How to complete this task = Retype, without alteration, each line from the line containing "case: (charges_choice p HCU) => PD." to the final line of the records.

· · ·

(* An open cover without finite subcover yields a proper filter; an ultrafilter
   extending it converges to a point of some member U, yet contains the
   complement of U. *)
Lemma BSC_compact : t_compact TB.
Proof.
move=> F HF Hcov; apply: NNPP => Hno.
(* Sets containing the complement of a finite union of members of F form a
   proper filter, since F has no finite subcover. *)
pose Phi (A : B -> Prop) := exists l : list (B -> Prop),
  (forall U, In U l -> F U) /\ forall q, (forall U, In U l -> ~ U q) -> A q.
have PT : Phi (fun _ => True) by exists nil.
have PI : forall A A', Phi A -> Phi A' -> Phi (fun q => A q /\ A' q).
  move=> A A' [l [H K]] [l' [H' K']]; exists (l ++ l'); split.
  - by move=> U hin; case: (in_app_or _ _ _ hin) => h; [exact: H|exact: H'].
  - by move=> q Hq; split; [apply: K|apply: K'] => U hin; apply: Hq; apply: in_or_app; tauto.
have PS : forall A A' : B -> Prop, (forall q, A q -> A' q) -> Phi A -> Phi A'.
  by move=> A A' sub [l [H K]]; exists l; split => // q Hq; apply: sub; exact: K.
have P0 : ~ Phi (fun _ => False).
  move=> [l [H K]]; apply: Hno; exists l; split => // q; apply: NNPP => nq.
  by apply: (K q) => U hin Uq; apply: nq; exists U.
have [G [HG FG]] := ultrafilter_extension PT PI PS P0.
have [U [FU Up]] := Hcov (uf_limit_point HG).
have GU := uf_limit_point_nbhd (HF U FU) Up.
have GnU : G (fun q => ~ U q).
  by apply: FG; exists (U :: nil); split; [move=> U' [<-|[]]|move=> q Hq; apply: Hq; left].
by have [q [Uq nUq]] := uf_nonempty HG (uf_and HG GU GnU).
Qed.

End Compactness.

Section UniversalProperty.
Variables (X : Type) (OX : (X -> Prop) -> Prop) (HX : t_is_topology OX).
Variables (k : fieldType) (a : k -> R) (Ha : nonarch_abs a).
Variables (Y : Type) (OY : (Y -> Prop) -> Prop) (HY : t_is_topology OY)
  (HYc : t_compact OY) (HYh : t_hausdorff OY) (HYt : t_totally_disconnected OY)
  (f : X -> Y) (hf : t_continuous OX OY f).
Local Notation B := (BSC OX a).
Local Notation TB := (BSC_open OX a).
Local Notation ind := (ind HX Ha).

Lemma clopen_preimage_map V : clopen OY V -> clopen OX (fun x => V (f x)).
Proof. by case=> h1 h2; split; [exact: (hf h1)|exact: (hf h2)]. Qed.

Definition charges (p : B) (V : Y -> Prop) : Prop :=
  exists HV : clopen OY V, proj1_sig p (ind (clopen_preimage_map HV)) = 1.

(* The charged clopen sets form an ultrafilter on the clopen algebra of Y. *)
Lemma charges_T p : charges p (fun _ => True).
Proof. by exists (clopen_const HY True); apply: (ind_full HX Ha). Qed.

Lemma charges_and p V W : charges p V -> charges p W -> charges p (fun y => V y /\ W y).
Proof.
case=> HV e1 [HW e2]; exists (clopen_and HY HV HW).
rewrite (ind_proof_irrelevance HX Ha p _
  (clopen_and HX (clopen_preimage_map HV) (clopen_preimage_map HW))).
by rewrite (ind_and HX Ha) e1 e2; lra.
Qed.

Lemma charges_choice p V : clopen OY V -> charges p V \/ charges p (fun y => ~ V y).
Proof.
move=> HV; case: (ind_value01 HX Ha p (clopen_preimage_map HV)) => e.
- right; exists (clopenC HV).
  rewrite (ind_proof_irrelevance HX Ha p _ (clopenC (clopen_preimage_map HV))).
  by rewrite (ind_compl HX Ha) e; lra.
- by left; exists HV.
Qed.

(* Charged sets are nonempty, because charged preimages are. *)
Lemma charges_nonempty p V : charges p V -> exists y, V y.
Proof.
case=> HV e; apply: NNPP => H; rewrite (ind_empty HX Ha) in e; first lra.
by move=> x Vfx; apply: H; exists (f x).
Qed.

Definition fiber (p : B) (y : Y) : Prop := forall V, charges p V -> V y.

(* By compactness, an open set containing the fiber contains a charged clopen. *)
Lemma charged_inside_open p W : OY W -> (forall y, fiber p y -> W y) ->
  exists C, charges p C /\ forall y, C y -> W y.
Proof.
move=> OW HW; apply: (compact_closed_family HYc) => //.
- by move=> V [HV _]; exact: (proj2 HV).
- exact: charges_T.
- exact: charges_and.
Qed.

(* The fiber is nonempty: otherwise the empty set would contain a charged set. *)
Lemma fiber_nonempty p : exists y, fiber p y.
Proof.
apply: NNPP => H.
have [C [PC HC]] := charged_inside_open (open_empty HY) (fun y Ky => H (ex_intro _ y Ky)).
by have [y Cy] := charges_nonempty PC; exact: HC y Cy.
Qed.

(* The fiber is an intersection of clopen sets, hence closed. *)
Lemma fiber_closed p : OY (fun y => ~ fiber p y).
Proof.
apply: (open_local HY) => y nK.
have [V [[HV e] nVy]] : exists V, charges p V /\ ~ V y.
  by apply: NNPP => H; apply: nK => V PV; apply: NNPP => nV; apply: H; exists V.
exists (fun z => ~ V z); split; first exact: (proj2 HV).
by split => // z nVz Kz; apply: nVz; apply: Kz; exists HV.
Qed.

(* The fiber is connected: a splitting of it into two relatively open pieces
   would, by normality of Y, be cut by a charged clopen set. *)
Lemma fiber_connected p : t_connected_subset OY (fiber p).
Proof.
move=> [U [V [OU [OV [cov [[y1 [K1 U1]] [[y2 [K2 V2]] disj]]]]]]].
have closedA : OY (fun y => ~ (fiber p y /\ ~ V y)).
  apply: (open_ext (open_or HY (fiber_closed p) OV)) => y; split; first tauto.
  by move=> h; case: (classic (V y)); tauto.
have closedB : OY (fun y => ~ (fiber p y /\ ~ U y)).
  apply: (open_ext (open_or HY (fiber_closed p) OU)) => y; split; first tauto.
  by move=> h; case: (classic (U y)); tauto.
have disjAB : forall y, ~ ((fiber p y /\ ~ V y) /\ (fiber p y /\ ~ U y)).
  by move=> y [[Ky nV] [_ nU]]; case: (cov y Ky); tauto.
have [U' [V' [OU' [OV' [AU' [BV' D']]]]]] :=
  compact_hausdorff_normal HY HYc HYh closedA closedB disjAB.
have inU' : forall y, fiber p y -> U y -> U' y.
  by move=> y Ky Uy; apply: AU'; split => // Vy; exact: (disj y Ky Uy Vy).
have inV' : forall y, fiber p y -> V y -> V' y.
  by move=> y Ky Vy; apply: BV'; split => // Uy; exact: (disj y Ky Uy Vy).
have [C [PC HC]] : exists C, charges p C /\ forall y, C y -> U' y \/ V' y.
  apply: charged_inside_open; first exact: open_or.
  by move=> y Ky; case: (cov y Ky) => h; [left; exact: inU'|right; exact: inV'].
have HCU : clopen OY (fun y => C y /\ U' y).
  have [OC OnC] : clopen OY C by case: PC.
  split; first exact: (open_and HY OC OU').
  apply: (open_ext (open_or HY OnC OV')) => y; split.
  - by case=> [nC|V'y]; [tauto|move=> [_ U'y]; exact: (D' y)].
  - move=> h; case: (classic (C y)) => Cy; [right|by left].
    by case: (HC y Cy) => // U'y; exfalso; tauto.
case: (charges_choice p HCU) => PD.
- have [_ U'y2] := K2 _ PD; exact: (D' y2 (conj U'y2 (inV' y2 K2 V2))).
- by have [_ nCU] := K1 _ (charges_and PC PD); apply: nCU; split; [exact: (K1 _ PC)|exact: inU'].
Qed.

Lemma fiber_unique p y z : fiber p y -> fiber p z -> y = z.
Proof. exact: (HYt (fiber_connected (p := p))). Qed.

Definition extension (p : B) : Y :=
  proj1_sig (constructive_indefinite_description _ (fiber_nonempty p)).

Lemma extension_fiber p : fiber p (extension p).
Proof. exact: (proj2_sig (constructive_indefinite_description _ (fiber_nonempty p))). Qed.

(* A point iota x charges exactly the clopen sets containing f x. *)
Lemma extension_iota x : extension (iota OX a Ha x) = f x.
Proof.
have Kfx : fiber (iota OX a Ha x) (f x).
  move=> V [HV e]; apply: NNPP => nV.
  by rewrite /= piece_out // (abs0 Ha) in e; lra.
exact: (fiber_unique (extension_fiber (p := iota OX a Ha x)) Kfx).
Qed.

· · ·

Response to the task =
case: (charges_choice p HCU) => PD.
- have [_ U'y2] := K2 _ PD; exact: (D' y2 (conj U'y2 (inV' y2 K2 V2))).
- by have [_ nCU] := K1 _ (charges_and PC PD); apply: nCU; split; [exact: (K1 _ PC)|exact: inU'].
Qed.

Lemma fiber_unique p y z : fiber p y -> fiber p z -> y = z.
Proof. exact: (HYt (fiber_connected (p := p))). Qed.

Definition extension (p : B) : Y :=
  proj1_sig (constructive_indefinite_description _ (fiber_nonempty p)).

Lemma extension_fiber p : fiber p (extension p).
Proof. exact: (proj2_sig (constructive_indefinite_description _ (fiber_nonempty p))). Qed.

(* A point iota x charges exactly the clopen sets containing f x. *)
Lemma extension_iota x : extension (iota OX a Ha x) = f x.
Proof.
have Kfx : fiber (iota OX a Ha x) (f x).
  move=> V [HV e]; apply: NNPP => nV.
  by rewrite /= piece_out // (abs0 Ha) in e; lra.
exact: (fiber_unique (extension_fiber (p := iota OX a Ha x)) Kfx).
Qed.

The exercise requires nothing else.